Smith added to Hindu pantheon

Monday, December 5th, 2005 - 10:57 am PST

It has been said that Hinduism is a religion with 330 million gods. Better make that 330,000,001. This week, The Rev. Brendan Powell Smith was officially inducted to the Hindu pantheon where he will be worshipped as a god of iconoclasm. Indian president Amitabh Bachchan was present this morning for the groundbreaking ceremony of the first mandir devoted to Rev. Smith. While Smith will be the primary deity, other gods will have smaller shrines at the temple, including Hanuman, Ganesh, and Kali. For reasons as yet unclear, Smith will be depicted with five faces and three arms, or alternatively represented by a lingam.

A Thanksgiving with the Indians

Thursday, November 24th, 2005 - 11:45 am PST

Three hundred and eighty-four years ago, William Bradford celebrated a feast with his fellow pilgrims and the Massasoit Indians. This year, The Rev. Brendan Powell Smith carried on his ancestor’s tradition by sharing a holiday feast with a different set of Indians located on the opposite side of the globe. And while the menu was a bit nontraditional (his hosts thought “turkey” was a prepared dish, not an animal), the sentiment of goodwill and thankful appreciation was very much the same. And following the meal, Rev. Smith enjoyed his traditional nap, face-down in a bowl of mashed-potatoes (though this year it was aloo gobi).

Smith quells rioting in France

Friday, November 11th, 2005 - 3:19 pm PST

After two weeks of riots in France, Rev. Smith was flown to Paris today to hammer out a compromise between thousands of disaffected, unemployed, second-generation immigrant suburban youths and the French government, widely seen as discriminatory and anti-immigration. Smith’s proposal calls for a massive building project that will provide jobs for 200,000 unskilled and semiskilled laborers. That project is a massive 50-meter high wall around France which would deter further immigration. The French government was quick to accept the plan, with prime minister Villepin noting that a side benefit of such a wall would be to “repel a German invasion, should the occasion arise.”

America lacks fat rap star

Tuesday, November 8th, 2005 - 10:35 pm PST

With oil prices soaring, the economy stagnant, and the country bogged down in a overseas war, now more than ever the times call for a fat rap star to take our minds off our problems so we can instead listen to the problems of a fat rap star set to tight beats.
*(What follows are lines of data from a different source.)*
(* Let $\phi:\mathbb{M}_n\to\mathbb{M}_m$ be a positive linear map with Hilbert–Schmidt adjoint $\phi^*$, and let $X\in\mathbb{M}_m^+$. Then: (1) $\ker(R_X)\subseteq\ker(\phi^* )$ if and only if $\ker(X)\subseteq\ker(\phi(\mathbf{1}_n))$; (2) if $\ker(R_X)\subseteq\ker(\phi^* )$, then $\ker(R_{\phi^*(X)})\subseteq\ker(\phi)$. The same two statements hold with $L_X$ and $L_{\phi^*(X)}$ in place of $R_X$ and $R_{\phi^*(X)}$.
   Context: $\mathbb{M}_k$ denotes the complex $k\times k$ matrices, $\mathbb{M}_k^+$ the positive semidefinite ones, $\mathbf{1}_n$ the identity. The adjoint $\phi^*:\mathbb{M}_m\to\mathbb{M}_n$ is with respect to $\langle A,B\rangle=\mathrm{Tr}[A^*B]$. For $X\in\mathbb{M}_k$, $R_X$ and $L_X$ are the linear operators on $\mathbb{M}_k$ given by $R_X(A)=AX$ and $L_X(A)=XA$; kernels of $R_X$, $\phi^*$, $\phi$ are kernels as linear maps on matrix spaces. A positive map sends positive semidefinite matrices to positive semidefinite matrices. *)

(* Complex numbers are modelled as R[i] = complex R for a
   real closed field R (taking R to be the reals gives the complex numbers). *)
From HB Require Import structures.
From mathcomp Require Import all_boot all_order all_algebra.
From mathcomp Require Export complex.
Set Implicit Arguments. Unset Strict Implicit. Unset Printing Implicit Defensive.
Import Order.TTheory GRing.Theory Num.Theory.
Local Open Scope ring_scope.

Section Defs.
Variable C : numClosedFieldType.

Definition mxadj (p q : nat) (A : 'M[C]_(p, q)) : 'M[C]_(q, p) :=
  (map_mx Num.conj_op A)^T.

Definition hs_inner (k : nat) (A B : 'M[C]_k) : C := \tr (mxadj A *m B).

Definition psd (k : nat) (A : 'M[C]_k) : Prop :=
  mxadj A = A /\ forall v : 'cV[C]_k, 0 <= (mxadj v *m A *m v) 0 0.

Definition positive_map (n m : nat) (phi : 'M[C]_n -> 'M[C]_m) : Prop :=
  forall A, psd A -> psd (phi A).

Definition is_hs_adjoint (n m : nat) (phi : 'M[C]_n -> 'M[C]_m)
  (phis : 'M[C]_m -> 'M[C]_n) : Prop :=
  forall (A : 'M[C]_n) (B : 'M[C]_m), hs_inner (phi A) B = hs_inner A (phis B).

Definition R_op (k : nat) (X : 'M[C]_k) : 'M[C]_k -> 'M[C]_k := fun A => A *m X.
Definition L_op (k : nat) (X : 'M[C]_k) : 'M[C]_k -> 'M[C]_k := fun A => X *m A.

Definition ker_sub (p q r : nat) (f : 'M[C]_p -> 'M[C]_q) (g : 'M[C]_p -> 'M[C]_r)
  : Prop := forall A, f A = 0 -> g A = 0.

Definition mxker_sub (k : nat) (X Y : 'M[C]_k) : Prop :=
  forall v : 'cV[C]_k, X *m v = 0 -> Y *m v = 0.
End Defs.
While the 1980s gave us The Fat Boys and Heavy D, and the early 90s produced Sir Mix-a-Lot and Bizmarkie, ever since the deaths of Notorious B.I.G. and Big Pun at the end of the millennium, America has gone without (even though some dope-ass rap names like “Ova-w8″ or “Obese” go unclaimed). While some think D12’s Bizarre may be the answer to our prayers, others are putting their hope in Dr Dre gaining another 50 pounds and releasing a comeback album, born again as a fat rapper.

Sexodus: Let my people come.

Thursday, November 3rd, 2005 - 7:26 pm PST

Rev. Smith is working on a screenplay for a Bible-themed porn movie to be released in 2007 called Sexodus. The plot is what Smith has deemed “historical friction”. Set in an ancient Egypt with a rapidly multiplying slave population, Pharaoh Ramses has outlawed orgasms among the Hebrews, and put them into forced labor erecting massive black obelisks. When all hope seems lost, along come two men: Moses, who takes his commands from a burning bush, and Aaron, whose staff can work miracles. God himself steps into the fray, afflicting the Egyptians with ten STDs, and after penetrating the Red Sea, He celebrates victory by raining down manna from heaven for all the people to swallow.

Interview with Rev. Smith in East Bay Express

Wednesday, October 26th, 2005 - 5:16 pm PDT

“It’s surprisingly moving when rendered in uncompromising shiny plastic” writes Anneli Rufus about The Brick Testament in the latest edition of the East Bay Express, a weekly newspaper serving the San Francisco Bay Area. In the full page interview, Rev. Smith discusses his religious background, the choice of LEGO bricks as a medium for Biblical illustration, and the occasional difficulties in rendering complex scenes with simple plastic blocks. An online version of the article can be seen here. Also now online is a scan of the Rolling Stone piece from earlier this month.

Jesus’s death ruled a suicide

Wednesday, October 19th, 2005 - 4:04 pm PDT

After more than 2,000 years of investigation, the death of Jesus Christ has officially been ruled a suicide. The break in the case came when investigators were finally able to wrap their minds around the concept of the Trinity. When they realized that Jesus and God were one, it was a simple matter of deduction to determine that Jesus must have planned out his own death in advance, and that his crucifixion at the hands of local authorities was merely an ancient form of “suicide by cop“. The two previous main suspects in the case, the Romans and the Jews, have now been released and cleared of all charges.